Source data
**********

Lemma zero_sum_int_lift K n (a : 'I_K -> 'I_n.+1) :
  (forall q, prime q -> (q %| n.+1)%N -> (K`! < 2 * q)%N) ->
  exists x : 'I_K -> int,
    [/\ forall T : {set 'I_K}, \sum_(i in T) a i = 0 -> \sum_(i in T) x i = 0,
        forall i j, x i = x j -> a i = a j,
        forall i, x i = 0 -> a i = 0 &
        \sum_i x i = 0 -> \sum_i a i = 0].
Proof.
move=> n_primes.
have [s [M [M01 Ma_dvd M_zero_sums]]] := zero_sum_system a.
pose forms : seq 'rV[int]_K :=
  [seq delta_mx 0 i - delta_mx 0 j | i <- enum 'I_K, j <- enum 'I_K] ++
  [seq delta_mx 0 i | i <- enum 'I_K] ++ [:: const_mx 1].
pose fs := [seq f <- forms | ~~ (n.+1%:Z %| (f *m intcol a) ord0 ord0)%Z].
have fs_ndvd f : f \in fs -> ~~ (n.+1%:Z %| (f *m intcol a) ord0 ord0)%Z.
  by rewrite mem_filter => /andP[].
have [x Mx x_sep] := int_ker_avoid_forms (ltn0Sn n) M01 n_primes Ma_dvd fs_ndvd.
have form_dvd f : f \in forms -> (f *m x) 0 0 = 0 -> (n.+1%:Z %| (f *m intcol a) ord0 ord0)%Z.
  move=> f_in fx0; apply/negPn/negP => f_ndvd.
  by have := x_sep f; rewrite /fs mem_filter f_ndvd f_in fx0 eqxx => /(_ isT).
have diffE (v : 'cV[int]_K) i j :
    ((delta_mx 0 i - delta_mx 0 j : 'rV_K) *m v) 0 0 = v i 0 - v j 0.
  by rewrite mulmxBl -!rowE !mxE.
have unitE (v : 'cV[int]_K) i : ((delta_mx 0 i : 'rV_K) *m v) 0 0 = v i 0 by rewrite -rowE mxE.
have onesE (v : 'cV[int]_K) : ((const_mx 1 : 'rV_K) *m v) 0 0 = \sum_i v i 0.
  by rewrite mxE; apply: eq_bigr => i _; rewrite mxE mul1r.
exists (fun i => x i 0); split.
- exact: M_zero_sums.
- move=> i j xij; apply/eqP; rewrite -ord_dvdz_sub.
  have diff_in : delta_mx 0 i - delta_mx 0 j \in forms.
    by rewrite mem_cat; apply/orP; left; apply: allpairs_f; rewrite mem_enum.
  by have := form_dvd _ diff_in; rewrite !diffE !mxE xij subrr; apply.
- move=> i xi0; apply/eqP; rewrite -(ord_dvdz_sub _ 0) subr0.
  have unit_in : delta_mx 0 i \in forms by rewrite !mem_cat map_f ?orbT ?mem_enum.
  by have := form_dvd _ unit_in; rewrite !unitE !mxE xi0; apply.
- move=> x0; apply/eqP; rewrite ord_sum_eq0.
  have ones_in : const_mx 1 \in forms by rewrite !mem_cat mem_seq1 eqxx !orbT.
  have := form_dvd _ ones_in; rewrite !onesE => /(_ x0).
  by under eq_bigr do rewrite mxE.
Qed.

**********

## ABOUT THIS TASK
Retype the first line of the entries and every line after it, please, through the line that contains "have unitE (v". Add nothing.

## SOLUTION FOR THIS PROBLEM
Lemma zero_sum_int_lift K n (a : 'I_K -> 'I_n.+1) :
  (forall q, prime q -> (q %| n.+1)%N -> (K`! < 2 * q)%N) ->
  exists x : 'I_K -> int,
    [/\ forall T : {set 'I_K}, \sum_(i in T) a i = 0 -> \sum_(i in T) x i = 0,
        forall i j, x i = x j -> a i = a j,
        forall i, x i = 0 -> a i = 0 &
        \sum_i x i = 0 -> \sum_i a i = 0].
Proof.
move=> n_primes.
have [s [M [M01 Ma_dvd M_zero_sums]]] := zero_sum_system a.
pose forms : seq 'rV[int]_K :=
  [seq delta_mx 0 i - delta_mx 0 j | i <- enum 'I_K, j <- enum 'I_K] ++
  [seq delta_mx 0 i | i <- enum 'I_K] ++ [:: const_mx 1].
pose fs := [seq f <- forms | ~~ (n.+1%:Z %| (f *m intcol a) ord0 ord0)%Z].
have fs_ndvd f : f \in fs -> ~~ (n.+1%:Z %| (f *m intcol a) ord0 ord0)%Z.
  by rewrite mem_filter => /andP[].
have [x Mx x_sep] := int_ker_avoid_forms (ltn0Sn n) M01 n_primes Ma_dvd fs_ndvd.
have form_dvd f : f \in forms -> (f *m x) 0 0 = 0 -> (n.+1%:Z %| (f *m intcol a) ord0 ord0)%Z.
  move=> f_in fx0; apply/negPn/negP => f_ndvd.
  by have := x_sep f; rewrite /fs mem_filter f_ndvd f_in fx0 eqxx => /(_ isT).
have diffE (v : 'cV[int]_K) i j :
    ((delta_mx 0 i - delta_mx 0 j : 'rV_K) *m v) 0 0 = v i 0 - v j 0.
  by rewrite mulmxBl -!rowE !mxE.
have unitE (v : 'cV[int]_K) i : ((delta_mx 0 i : 'rV_K) *m v) 0 0 = v i 0 by rewrite -rowE mxE.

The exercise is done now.